We used the micro-spectrometer to obtain the Rrs of plateau lakes as follows: firstly, the DN values obtained with the micro-spectrometers (a)-1, (a)-2 and (a)-3 are converted into radiance and irradiance according to Formulas (2) and (3), and then the Rrs of the micro-spectrometer is calculated according to Formula (1).

The micro-spectrometer needs to be physically connected to the micro-computer in the unmanned ship using a USB cable; additionally, we also need to use professional software to identify the sensor, and only after the identification is passed can the data acquisition parameters be set. The main parameters to be set are integration time, multiple scan averaging, sliding average width and other parameters. It is also necessary to set the address where the spectrum file is to be saved. Once the settings are complete, the micro-spectrometer can be used for water spectrum acquisition.

2.2. Data Processing and Evaluation Metrics

We used the Oceanview 6.0 software for hardware control and we needed to set the integration time before collection. The integration times of the micro-spectrometer for measuring radiance and measuring irradiance are described in detail in Section 3.1. The micro-spectrometer and Trios both measure different floating-point wavelength data; therefore, we needed to resample the Trios and STS-VIS spectrometer data to the same integer wavelength for field radiation calibration. The cubic spline interpolation method has a small error (we have also compared the results of the other three resampling methods plotted in Figure A2 Appendix A). Thus, we used this method and obtained a result that is very small, as shown in Figure 2.

The following statistics were used to evaluate the spectral results, including the correlation coefficient (r), bias and mean absolute percentage difference (MAPD).

$$\mathrm{r}=\frac{{\displaystyle \sum _{\mathrm{i}=1}^{\mathrm{n}}({\mathrm{S}}_{\mathrm{i},1}-\overline{{\mathrm{S}}_1})({\mathrm{S}}_{\mathrm{i},2}-\overline{{\mathrm{S}}_2})}}{\sqrt{{\displaystyle \sum _{\mathrm{i}=1}^{\mathrm{n}}{({\mathrm{S}}_{\mathrm{i},1}-\overline{{\mathrm{S}}_1})}_{}^2}+{\displaystyle \sum _{\mathrm{i}=1}^{\mathrm{n}}{({\mathrm{S}}_{\mathrm{i},2}-\overline{{\mathrm{S}}_2})}_{}^2}}}$$

(4)

$$\mathrm{bias}=({\mathrm{S}}_{\mathrm{i},1}-{\mathrm{S}}_{\mathrm{i},2})/{\mathrm{S}}_{\mathrm{i},2}\times 100\%$$

(5)

$$\mathrm{MAPD}=\frac{1}{\mathrm{N}}{\displaystyle \sum _{\mathrm{i}=1}^{\mathrm{N}}\left|({\mathrm{S}}_{\mathrm{i},1}-{\mathrm{S}}_{\mathrm{i},2})/{\mathrm{S}}_{\mathrm{i},2}\right|}\times 100\%$$

(6)

where S_i,1 and S_i,2 denote the DN values corresponding to the measured diffuse reflectance plates, the gain and offset observed under different conditions and the Rrs measure with the Trios and micro-spectrometer.

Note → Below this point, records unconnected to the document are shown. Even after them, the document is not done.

Lemma taylor_mono_nabla (mu : R) (z : Z) : (z <> 1)%Z \/ mu <> 0 ->
  taylor_mono mu (IZR z) - taylor_mono mu (IZR z - 1) = taylor_mono (mu - 1) (IZR z).
Proof.
  intros Hc. replace (IZR z - 1) with (IZR (z - 1)) by (rewrite minus_IZR; reflexivity).
  destruct (Z_le_gt_dec z 0) as [Hz|Hz].
  { rewrite !taylor_mono_nonpos by lia. ring. }
  assert (Hmu : RGamma mu = mu * RGamma (mu + 1)) by apply RGamma_rec.
  assert (Nz : IZR z <> 0) by (intro E; apply eq_IZR in E; lia).
  rewrite (taylor_mono_nonzero (mu - 1)) by auto.
  replace (mu - 1 + 1) with mu by ring. rewrite Hmu.
  destruct (Z.eq_dec z 1) as [->|Hz1].
  - destruct Hc as [Hc|Hc]; [lia|].
    rewrite (taylor_mono_nonpos _ (1 - 1)), taylor_mono_nonzero by (auto; lia).
    replace (IZR 1 + mu) with (mu + 1) by (simpl; ring).
    replace (IZR 1 + (mu - 1)) with mu by (simpl; ring). rewrite Hmu.
    destruct (Req_EM_T (RGamma (mu + 1)) 0) as [E|E].
    + rewrite E. unfold Rdiv. rewrite !Rmult_0_r. ring.
    + field. auto.
  - assert (Nz1 : IZR (z - 1) <> 0) by (intro E; apply eq_IZR in E; lia).
    rewrite !taylor_mono_nonzero by auto.
    assert (Rz : RGamma (IZR (z - 1)) = (IZR z - 1) * RGamma (IZR z))
      by (rewrite RGamma_rec, minus_IZR; f_equal; f_equal; simpl; ring).
    replace (IZR (z - 1) + mu) with (IZR z - 1 + mu) by (rewrite minus_IZR; simpl; ring).
    replace (IZR z + (mu - 1)) with (IZR z - 1 + mu) by ring.
    assert (Rzmu : RGamma (IZR z - 1 + mu) = (IZR z - 1 + mu) * RGamma (IZR z + mu))
      by (rewrite RGamma_rec; f_equal; f_equal; ring).
    rewrite Rz, Rzmu.
    destruct (Req_EM_T (RGamma (IZR z + mu)) 0) as [E|E].
    { rewrite E. unfold Rdiv. rewrite !Rmult_0_r, Rinv_0. ring. }
    destruct (Req_EM_T (IZR z - 1 + mu) 0) as [E2|E2].
    + replace (mu + 1) with (IZR (2 - z)) by (rewrite minus_IZR; simpl; lra).
      rewrite (RGamma_pole (2 - z)) by lia. unfold Rdiv. ring.
    + field. auto.
Qed.

Lemma sum_range_ext (F G : nat -> R) (n : nat) :
  (forall k, (k < n)%nat -> F k = G k) -> sum_range F n = sum_range G n.
Proof.
  induction n as [|n IH]; intros H; simpl; auto.
  rewrite IH by (intros; apply H; lia). rewrite H by lia. reflexivity.
Qed.

Lemma sum_range_sub (F G : nat -> R) (n : nat) :
  sum_range (fun k => F k - G k) n = sum_range F n - sum_range G n.
Proof. induction n as [|n IH]; simpl; [ring|rewrite IH; ring]. Qed.

Lemma sum_range_first (F : nat -> R) (n : nat) :
  sum_range F (S n) = F O + sum_range (fun j => F (S j)) n.
Proof. induction n as [|n IH]; simpl in *; [|rewrite IH]; ring. Qed.

Lemma sum_range_zero (F : nat -> R) (n : nat) :
  (forall k, (k < n)%nat -> F k = 0) -> sum_range F n = 0.
Proof.
  intros H. rewrite (sum_range_ext F (fun _ => 0)) by auto.
  clear H. induction n as [|n IH]; simpl; [|rewrite IH]; ring.
Qed.

Lemma nabla_at (h : R -> R) (a : R) (z : Z) :
  nabla h (a + IZR z) = h (a + IZR z) - h (a + IZR (z - 1)).
Proof.
  unfold nabla. rewrite minus_IZR.
  replace (a + IZR z - 1) with (a + (IZR z - IZR 1)) by (simpl; ring). reflexivity.
Qed.

Lemma nabla_pow_nabla (p : nat) (h : R -> R) :
  nabla_pow p (nabla h) = nabla (nabla_pow p h).
Proof. induction p as [|p IH]; simpl; [|rewrite IH]; reflexivity. Qed.

Lemma nabla_pow_add (n p : nat) (h : R -> R) :
  nabla_pow n (nabla_pow p h) = nabla_pow (n + p) h.
Proof. induction n as [|n IH]; simpl; [|rewrite IH]; reflexivity. Qed.

Lemma nabla_sum_at (a g : R) (h : R -> R) (z : Z) :
  nabla_sum a g h (a + IZR z) =
  sum_range (fun j => taylor_mono (g - 1) (IZR z - INR j) * h (a + INR (S j))) (Z.to_nat z).
Proof.
  unfold nabla_sum. replace (a + IZR z - a) with (IZR z) by ring.
  replace (Int_part (IZR z)) with z by (apply Int_part_spec; lra).
  apply sum_range_ext. intros k _. cbv zeta. unfold taylor_mono.
  replace (g - 1 + 1) with g by ring.
  replace (a + IZR z - (a + INR (S k) - 1)) with (IZR z - INR k) by (rewrite S_INR; ring).
  unfold Rdiv. ring.
Qed.

(* Summation by parts: the fractional sum of a difference, with boundary term at a. *)
Lemma nabla_sum_nabla (a g : R) (h : R -> R) (z : Z) :
  nabla_sum a g (nabla h) (a + IZR z) =
  nabla (nabla_sum a g h) (a + IZR z) - taylor_mono (g - 1) (IZR z) * h a.
Proof.
  rewrite nabla_at, !nabla_sum_at.
  destruct (Z_le_gt_dec z 0) as [Hz|Hz].
  { replace (Z.to_nat z) with O by lia. replace (Z.to_nat (z - 1)) with O by lia.
    simpl. rewrite taylor_mono_nonpos by auto. ring. }
  destruct (Z.to_nat z) as [|n] eqn:En; [lia|].
  replace (Z.to_nat (z - 1)) with n by lia.
  replace (IZR (z - 1)) with (INR n) by (rewrite INR_IZR_INZ; f_equal; lia).
  replace (IZR z) with (INR (S n)) by (rewrite INR_IZR_INZ; f_equal; lia).
  rewrite (sum_range_ext _ (fun j => taylor_mono (g - 1) (INR (S n) - INR j) * h (a + INR (S j))
                                   - taylor_mono (g - 1) (INR (S n) - INR j) * h (a + INR j))).
  2:{ intros k _. unfold nabla.
      replace (a + INR (S k) - 1) with (a + INR k) by (rewrite S_INR; ring). ring. }
  rewrite sum_range_sub, (sum_range_first (fun j => taylor_mono (g - 1) (INR (S n) - INR j) * h (a + INR j))).
  rewrite (sum_range_ext (fun j => taylor_mono (g - 1) (INR (S n) - INR (S j)) * h (a + INR (S j)))
                         (fun j => taylor_mono (g - 1) (INR n - INR j) * h (a + INR (S j)))).
  2:{ intros k _. replace (INR (S n) - INR (S k)) with (INR n - INR k)
        by (rewrite !S_INR; ring). reflexivity. }
  simpl (INR 0). rewrite Rplus_0_r, Rminus_0_r. ring.
Qed.

Definition init_correction (a g : R) (q : nat) (f : R -> R) (x : R) : R :=
  sum_range (fun k => taylor_mono (g - INR q + INR k) x * nabla_pow k f a) q.

(* Reals that are not integers; they avoid every pole of Gamma. *)
Definition nonint (g : R) : Prop := forall n : Z, g <> IZR n.

Lemma nonint_sub_nat (g : R) (n : nat) : nonint g -> nonint (g - INR n).
Proof.
  intros Hg k E. apply (Hg (k + Z.of_nat n)%Z).
  rewrite plus_IZR, <- INR_IZR_INZ. lra.
Qed.

Lemma init_correction_succ (a g : R) (q : nat) (f : R -> R) (x : R) :
  init_correction a g (S q) f x =
  init_correction a (g - 1) q f x + taylor_mono (g - 1) x * nabla_pow q f a.
Proof.
  unfold init_correction. cbn [sum_range]. f_equal.
  - apply sum_range_ext. intros k _. rewrite S_INR. do 3 f_equal. ring.
  - do 2 f_equal. rewrite S_INR. ring.
Qed.

Lemma init_correction_nabla (a g : R) (q : nat) (f : R -> R) (z : Z) :
  (Z.of_nat q < z)%Z \/ nonint g ->
  init_correction a g q f (IZR z) - init_correction a g q f (IZR (z - 1)) =
  init_correction a (g - 1) q f (IZR z).
Proof.
  intros Hc. unfold init_correction. rewrite <- sum_range_sub.
  apply sum_range_ext. intros k Hk.
  replace (g - 1 - INR q + INR k) with (g - INR q + INR k - 1) by ring.
  rewrite <- taylor_mono_nabla, minus_IZR; [simpl; ring|].
  destruct Hc as [Hz|Hg]; [left; lia|right].
  apply (nonint_sub_nat g (q - k)) in Hg. rewrite minus_INR in Hg by lia.
  intros E. apply (Hg 0%Z). simpl. lra.
Qed.

Lemma init_correction_pole (a : R) (z : Z) (q : nat) (f : R -> R) (x : R) :
  (z <= 0)%Z -> init_correction a (IZR z) q f x = 0.
Proof.
  intros Hz. apply sum_range_zero. intros k Hk.
  unfold taylor_mono. rewrite div_Gamma.
  replace (IZR z - INR q + INR k + 1) with (IZR (z - Z.of_nat q + Z.of_nat k + 1))
    by (rewrite !plus_IZR, minus_IZR, <- !INR_IZR_INZ; reflexivity).
  rewrite RGamma_pole by lia. ring.
Qed.

Lemma nabla_sum_nabla_pow (a g : R) (f : R -> R) (q : nat) (z : Z) :
  (Z.of_nat q <= z)%Z \/ nonint g ->
  nabla_sum a g (nabla_pow q f) (a + IZR z) =
  nabla_pow q (nabla_sum a g f) (a + IZR z) - init_correction a g q f (IZR z).
Proof.
  revert z. induction q as [|q IH]; intros z Hc.
  - unfold init_correction. simpl. ring.
  - simpl nabla_pow. rewrite nabla_sum_nabla, !nabla_at, !IH
      by (destruct Hc; [left; lia|right; auto]).
    rewrite init_correction_succ, <- init_correction_nabla
      by (destruct Hc; [left; lia|right; auto]).
    ring.
Qed.

(* The same after n further differences, for non-integer g: the boundary sum
   then has order g - n, which is the case of a fractional difference. *)
Lemma nabla_pow_nabla_sum_nabla_pow (a g : R) (f : R -> R) (p n : nat) (z : Z) :
  nonint g ->
  nabla_pow n (nabla_sum a g (nabla_pow p f)) (a + IZR z) =
  nabla_pow p (nabla_pow n (nabla_sum a g f)) (a + IZR z)
  - init_correction a (g - INR n) p f (IZR z).
Proof.
  intros Hg. revert z. induction n as [|n IH]; intros z.
  - simpl nabla_pow at 1 3. replace (g - INR 0) with g by (simpl; ring).
    apply nabla_sum_nabla_pow; auto.
  - simpl nabla_pow at 1 3. rewrite nabla_pow_nabla, !nabla_at, !IH.
    replace (g - INR (S n)) with (g - INR n - 1) by (rewrite S_INR; ring).
    rewrite <- init_correction_nabla by (right; apply nonint_sub_nat; auto).
    ring.
Qed.

Lemma nonint_unit_interval (g : R) : 0 < g < 1 -> nonint g.
Proof.
  intros [H0 H1] n E. subst g.
  apply lt_IZR in H0. apply lt_IZR in H1. lia.
Qed.

Lemma frac_n_spec (beta : R) :
  0 < beta -> 0 <= INR (frac_n beta) - beta < 1.
Proof.
  intros Hb. unfold frac_n. destruct (archimed (- beta)) as [A1 A2].
  assert (Hup : (up (- beta) < 1)%Z) by (apply lt_IZR; lra).
  rewrite INR_IZR_INZ, Z2Nat.id, minus_IZR by lia. simpl (IZR 1). lra.
Qed.

Theorem theorem2p7 (alpha a : R) (p : nat) (f : R -> R) :
  (0 < p)%nat ->
  forall m : nat, (p <= m)%nat ->
  let t := a + INR m in
  nabla_frac a alpha (nabla_pow p f) t =
    nabla_pow p (nabla_frac a alpha f) t
    - sum_range (fun k =>
        rising (t - a) (alpha - INR p + INR k)
          / Gamma (alpha + INR k - INR p + 1)
          * nabla_pow k f a) p.
Proof.
  intros _ m Hm t.
  assert (Hcorr : sum_range (fun k => rising (t - a) (alpha - INR p + INR k)
            / Gamma (alpha + INR k - INR p + 1) * nabla_pow k f a) p
          = init_correction a alpha p f (IZR (Z.of_nat m))).
  { apply sum_range_ext. intros k _. unfold taylor_mono, t.
    rewrite <- INR_IZR_INZ. do 3 f_equal; ring. }
  rewrite Hcorr. unfold t. rewrite INR_IZR_INZ.
  unfold nabla_frac. destruct (total_order_T alpha 0) as [[Hneg|Hzero]|Hpos].
  - (* nabla_a^{-alpha} = nabla^n of the fractional sum of order n + alpha in [0, 1) *)
    unfold nabla_diff, nabla_sum0. set (n := frac_n (- alpha)).
    assert (Hn : 0 <= INR n - - alpha < 1) by (apply frac_n_spec; lra).
    destruct (Req_EM_T (INR n - - alpha) 0) as [Hint|Hfrac].
    + replace alpha with (IZR (- Z.of_nat n)) by (rewrite opp_IZR, <- INR_IZR_INZ; lra).
      rewrite init_correction_pole, !nabla_pow_add, Nat.add_comm by lia. ring.
    + rewrite nabla_pow_nabla_sum_nabla_pow by (apply nonint_unit_interval; lra).
      replace (INR n - - alpha - INR n) with alpha by ring. reflexivity.
  - subst alpha. rewrite init_correction_pole by lia. ring.
  - apply nabla_sum_nabla_pow. left. lia.
Qed.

In this article, we compare the effects of different fibers on the gain and offset, which is followed by a quantitative analysis to measure the spectra of different diffuse reflectors with clear water and turbid water, and finally, we perform a first application demonstration in an unmanned area.

3. Results

We first determined the important acquisition parameter integration times for the micro-spectrometer under sunny conditions, then compared the gain and offset of two fiber types using a Hygirel fiber-optic micro-spectrometer (detailed parameters of the two types of micro-spectrometers are given in Section 3.2) and Trios under sunny conditions, and finally, we evaluated the simultaneous measurements of 95% and 20% for the diffuse reflectance plates, and 5% and 2% for the target cloth.

3.1. Effect of Integration Time on Spectral Acquisition of Water

We all know that when a spectrometer performs electro-optical conversion it is mainly influenced by three main parameters [30]: the integration time, aperture and temperature of the micro-spectrometer. The longer the integration time, the more energy is collected by the micro-spectrometer; the larger the aperture, the more energy is collected by the micro-spectrometer; the temperature of the micro-spectrometer creates thermal noise; and different temperatures bring about different thermal noises. When measuring in the field, we pre-warmed the micro-spectrometer for 60 min to keep it below normal operating temperature to avoid the effects of thermal noise caused by temperature. For dealing with the effects of the aperture, micro-spectrometers are often used with a fixed fiber; thus, we use a fixed fiber diameter to control the effect of the aperture on the spectrum.

The signal-to-noise ratio (SNR) of a spectrometer is a very important metric when using micro-spectrometers for the spectral acquisition of water bodies. The current international water color satellites MODIS Terra/Aqua (spatial resolution: 250 m and 500 m), MERIS Envisat (spatial resolution: 300 m), VIIRS (spatial resolution: 750 m) and Sentinel-3A/B (spatial resolution: 300 m) all have SNRs greater than 1000 for measurements that occur in the ocean [31]; measurements in inland lakes mainly use Landsat OLI (spatial resolution: 30 m) HJ-1 (spatial resolution: 30 m), etc., all of which have SNRs greater than 100 [32]. The use of Landsat as a data source for lake water observations on the Qinghai–Tibet Plateau requires that the signal-to-noise ratio of the micro-spectrometer be greater than 100 for application in field measurements.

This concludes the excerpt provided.